Work task:
What do the lines from the top of the data through the line with "(HP (S N) ltac:(lia)))" say? Quote them exactly and include both ends.

Raw data: Begin

Lemma eventually_all N (P : nat -> R -> Prop) :
  (forall k, (1 <= k <= N)%nat -> eventually (P k)) ->
  eventually (fun t => forall k, (1 <= k <= N)%nat -> P k t).
Proof.
  induction N as [|N IH]; intros HP; [exists 0; intros; lia|].
  destruct (eventually_and _ _ (IH ltac:(intros k Hk; apply HP; lia))
                               (HP (S N) ltac:(lia))) as [T HT].
  exists T. intros t Ht k Hk. destruct (HT t Ht) as [Hlow Hlast].
  destruct (Nat.eq_dec k (S N)) as [->|Hne]; [exact Hlast|apply Hlow; lia].
Qed.

Lemma derivable_lim_continuous f t l :
  derivable_pt_lim f t l -> continuity_pt f t.
Proof. intro H. apply derivable_continuous_pt. exists l. exact H. Qed.

Lemma continuity_eps f m : continuity_pt f m -> forall e, 0 < e ->
  exists d, 0 < d /\ forall s, Rabs (s - m) < d -> Rabs (f s - f m) < e.
Proof.
  intros Hc e He. destruct (Hc e He) as [d [Hd H]]. exists d. split; [exact Hd|].
  intros s Hs. destruct (Req_dec m s) as [<-|Hne].
  - rewrite Rminus_diag, Rabs_R0. exact He.
  - apply (H s). split; [split; [exact I|exact Hne]|exact Hs].
Qed.

Lemma continuity_above f m c : continuity_pt f m -> c < f m ->
  exists d, 0 < d /\ forall s, Rabs (s - m) < d -> c < f s.
Proof.
  intros Hc Hlt. destruct (continuity_eps f m Hc (f m - c)) as [d [Hd H]]; [lra|].
  exists d. split; [exact Hd|]. intros s Hs. specialize (H s Hs). apply Rabs_def2 in H. lra.
Qed.

Lemma continuity_below f m c : continuity_pt f m -> f m < c ->
  exists d, 0 < d /\ forall s, Rabs (s - m) < d -> f s < c.
Proof.
  intros Hc Hlt. destruct (continuity_eps f m Hc (c - f m)) as [d [Hd H]]; [lra|].
  exists d. split; [exact Hd|]. intros s Hs. specialize (H s Hs). apply Rabs_def2 in H. lra.
Qed.

Lemma derivable_pt_lim_ln_comp f t l :
  0 < f t -> derivable_pt_lim f t l -> derivable_pt_lim (fun s => ln (f s)) t (l / f t).
Proof.
  intros Hpos Hd. replace (l / f t) with (/ f t * l) by (field; lra).
  apply (derivable_pt_lim_comp f ln); [exact Hd|apply derivable_pt_lim_ln, Hpos].
Qed.

Lemma ln_le_iff u v : 0 < u -> 0 < v -> (ln u <= ln v <-> u <= v).
Proof.
  intros Hu Hv. split; intro H.
  - apply Rnot_lt_le. intro Hlt. pose proof (ln_increasing v u Hv Hlt). lra.
  - destruct H as [Hlt| ->]; [left; apply ln_increasing|right]; auto.
Qed.

Lemma increment_le (g g' : R -> R) u v K :
  u <= v -> (forall s, u <= s <= v -> derivable_pt_lim g s (g' s)) ->
  (forall s, u < s < v -> g' s <= K) -> g v - g u <= K * (v - u).
Proof.
  intros Huv Hd HK. destruct (Req_dec u v) as [<-|Hne].
  - replace (u - u) with 0 by ring. lra.
  - destruct (MVT_cor2 g g' u v) as [s [Heq Hs]]; [lra|exact Hd|].
    rewrite Heq. apply Rmult_le_compat_r; [lra|apply HK; lra].
Qed.

Lemma increment_ge (g g' : R -> R) u v K :
  u <= v -> (forall s, u <= s <= v -> derivable_pt_lim g s (g' s)) ->
  (forall s, u < s < v -> K <= g' s) -> K * (v - u) <= g v - g u.
Proof.
  intros Huv Hd HK. destruct (Req_dec u v) as [<-|Hne].
  - replace (u - u) with 0 by ring. lra.
  - destruct (MVT_cor2 g g' u v) as [s [Heq Hs]]; [lra|exact Hd|].
    rewrite Heq. apply Rmult_le_compat_r; [lra|apply HK; lra].
Qed.

(* If [g] decreases at rate at least [k] on [T, +oo) while it is above [c],
   it reaches [c]: otherwise it would drop by [k N] over any time [N]. *)
Lemma barrier_reached (g g' : R -> R) T c k : 0 < k ->
  (forall t, T <= t -> derivable_pt_lim g t (g' t) /\ (c <= g t -> g' t <= - k)) ->
  exists t1, T <= t1 /\ g t1 <= c.
Proof.
  intros Hk HT. apply NNPP. intro Hno.
  assert (Habove : forall t, T <= t -> c < g t)
    by (intros t Ht; apply Rnot_le_lt; intro Hle; apply Hno; eauto).
  set (N := (Rabs (g T - c) + 1) / k).
  assert (HkN : k * N = Rabs (g T - c) + 1) by (unfold N; field; lra).
  assert (HN : 0 < N) by (pose proof (Rabs_pos (g T - c)); nra).
  assert (Hdrop : g (T + N) - g T <= - k * (T + N - T)).
  { apply (increment_le g g'); [lra|intros s Hs; apply HT; lra|].
    intros s Hs. apply HT; [lra|left; apply Habove; lra]. }
  pose proof (Habove (T + N) ltac:(lra)). pose proof (RRle_abs (g T - c)).
  replace (- k * (T + N - T)) with (- (k * N)) in Hdrop by ring. lra.
Qed.

(* Barrier principle: if [g] decreases at rate at least [k] whenever it is at
   or above the level [c], then [g] eventually stays at most [c]: after reaching
   [c] it cannot cross it again, by the mean-value bound after the last time it
   is at most [c]. *)
Lemma barrier_up (g g' : R -> R) c k : 0 < k ->
  eventually (fun t => derivable_pt_lim g t (g' t) /\ (c <= g t -> g' t <= - k)) ->
  eventually (fun t => g t <= c).
Proof.
  intros Hk [T HT].
  destruct (barrier_reached g g' T c k Hk HT) as [t1 [Ht1 Hg1]].
  exists t1. intros t2 Ht2.
  apply Rnot_lt_le. intro Hgt.
  (* [m] is the last time in [t1, t2] at which [g] is at most [c] *)
  set (S := fun s => t1 <= s <= t2 /\ g s <= c).
  destruct (completeness S) as [m [Hub Hlub]];
    [exists t2; intros s [Hs _]; lra|exists t1; split; [lra|exact Hg1]|].
  assert (Hm : t1 <= m <= t2)
    by (split; [apply Hub; split; [lra|exact Hg1]|apply Hlub; intros s [Hs _]; lra]).
  assert (Hafter : forall s, m < s <= t2 -> c < g s).
  { intros s Hs. apply Rnot_le_lt. intro Hle.
    assert (s <= m) by (apply Hub; split; [lra|exact Hle]). lra. }
  assert (Hgm : g m <= c).
  { apply Rnot_lt_le. intro Hcm.
    destruct (continuity_above g m c) as [d [Hd Hnear]];
      [apply (derivable_lim_continuous g m (g' m)), HT; lra|exact Hcm|].
    assert (m <= m - d / 2); [|lra].
    apply Hlub. intros s [Hs Hgs]. apply Rnot_lt_le. intro Hs'.
    assert (s <= m) by (apply Hub; split; assumption).
    assert (c < g s) by (apply Hnear, Rabs_def1; lra). lra. }
  assert (Hmt : m < t2) by (destruct (Rle_lt_or_eq_dec m t2) as [|<-]; lra).
  assert (Hdrop : g t2 - g m <= - k * (t2 - m)).
  { apply (increment_le g g'); [lra|intros s Hs; apply HT; lra|].
    intros s Hs. apply HT; [lra|left; apply Hafter; lra]. }
  assert (0 < k * (t2 - m)) by (apply Rmult_lt_0_compat; lra). lra.
Qed.

Lemma barrier_low (g g' : R -> R) c k : 0 < k ->
  eventually (fun t => derivable_pt_lim g t (g' t) /\ (g t <= c -> k <= g' t)) ->
  eventually (fun t => c <= g t).
Proof.
  intros Hk Hev.
  apply (eventually_mono (fun t => - g t <= - c)); [intros t Ht; lra|].
  apply (barrier_up (fun t => - g t) (fun t => - g' t) (- c) k Hk).
  revert Hev. apply eventually_mono. intros t [Hd Hsign]. split.
  - apply derivable_pt_lim_opp, Hd.
  - intro Hle. assert (k <= g' t) by (apply Hsign; lra). lra.
Qed.

Lemma rate_barrier_up (f r : R -> R) c k : 0 < c -> 0 < k ->
  eventually (fun t => 0 < f t /\ derivable_pt_lim (fun s => ln (f s)) t (r t)
                       /\ (c <= f t -> r t <= - k)) ->
  eventually (fun t => f t <= c).
Proof.
  intros Hc Hk Hev.
  assert (Hln : eventually (fun t => ln (f t) <= ln c)).
  { apply (barrier_up (fun t => ln (f t)) r (ln c) k Hk). revert Hev.
    apply eventually_mono. intros t [Hpos [Hd Hsign]]. split; [exact Hd|].
    intro Hle. apply Hsign, ln_le_iff; assumption. }
  generalize (eventually_and _ _ Hev Hln). apply eventually_mono.
  intros t [[Hpos _] Hle]. apply ln_le_iff; assumption.
Qed.

Lemma rate_barrier_low (f r : R -> R) c k : 0 < c -> 0 < k ->
  eventually (fun t => 0 < f t /\ derivable_pt_lim (fun s => ln (f s)) t (r t)
                       /\ (f t <= c -> k <= r t)) ->
  eventually (fun t => c <= f t).
Proof.
  intros Hc Hk Hev.
  assert (Hln : eventually (fun t => ln c <= ln (f t))).
  { apply (barrier_low (fun t => ln (f t)) r (ln c) k Hk). revert Hev.
    apply eventually_mono. intros t [Hpos [Hd Hsign]]. split; [exact Hd|].
    intro Hle. apply Hsign, ln_le_iff; assumption. }
  generalize (eventually_and _ _ Hev Hln). apply eventually_mono.
  intros t [[Hpos _] Hle]. apply ln_le_iff; assumption.
Qed.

Raw data: End

Written answer:
Lemma eventually_all N (P : nat -> R -> Prop) :
  (forall k, (1 <= k <= N)%nat -> eventually (P k)) ->
  eventually (fun t => forall k, (1 <= k <= N)%nat -> P k t).
Proof.
  induction N as [|N IH]; intros HP; [exists 0; intros; lia|].
  destruct (eventually_and _ _ (IH ltac:(intros k Hk; apply HP; lia))
                               (HP (S N) ltac:(lia))) as [T HT].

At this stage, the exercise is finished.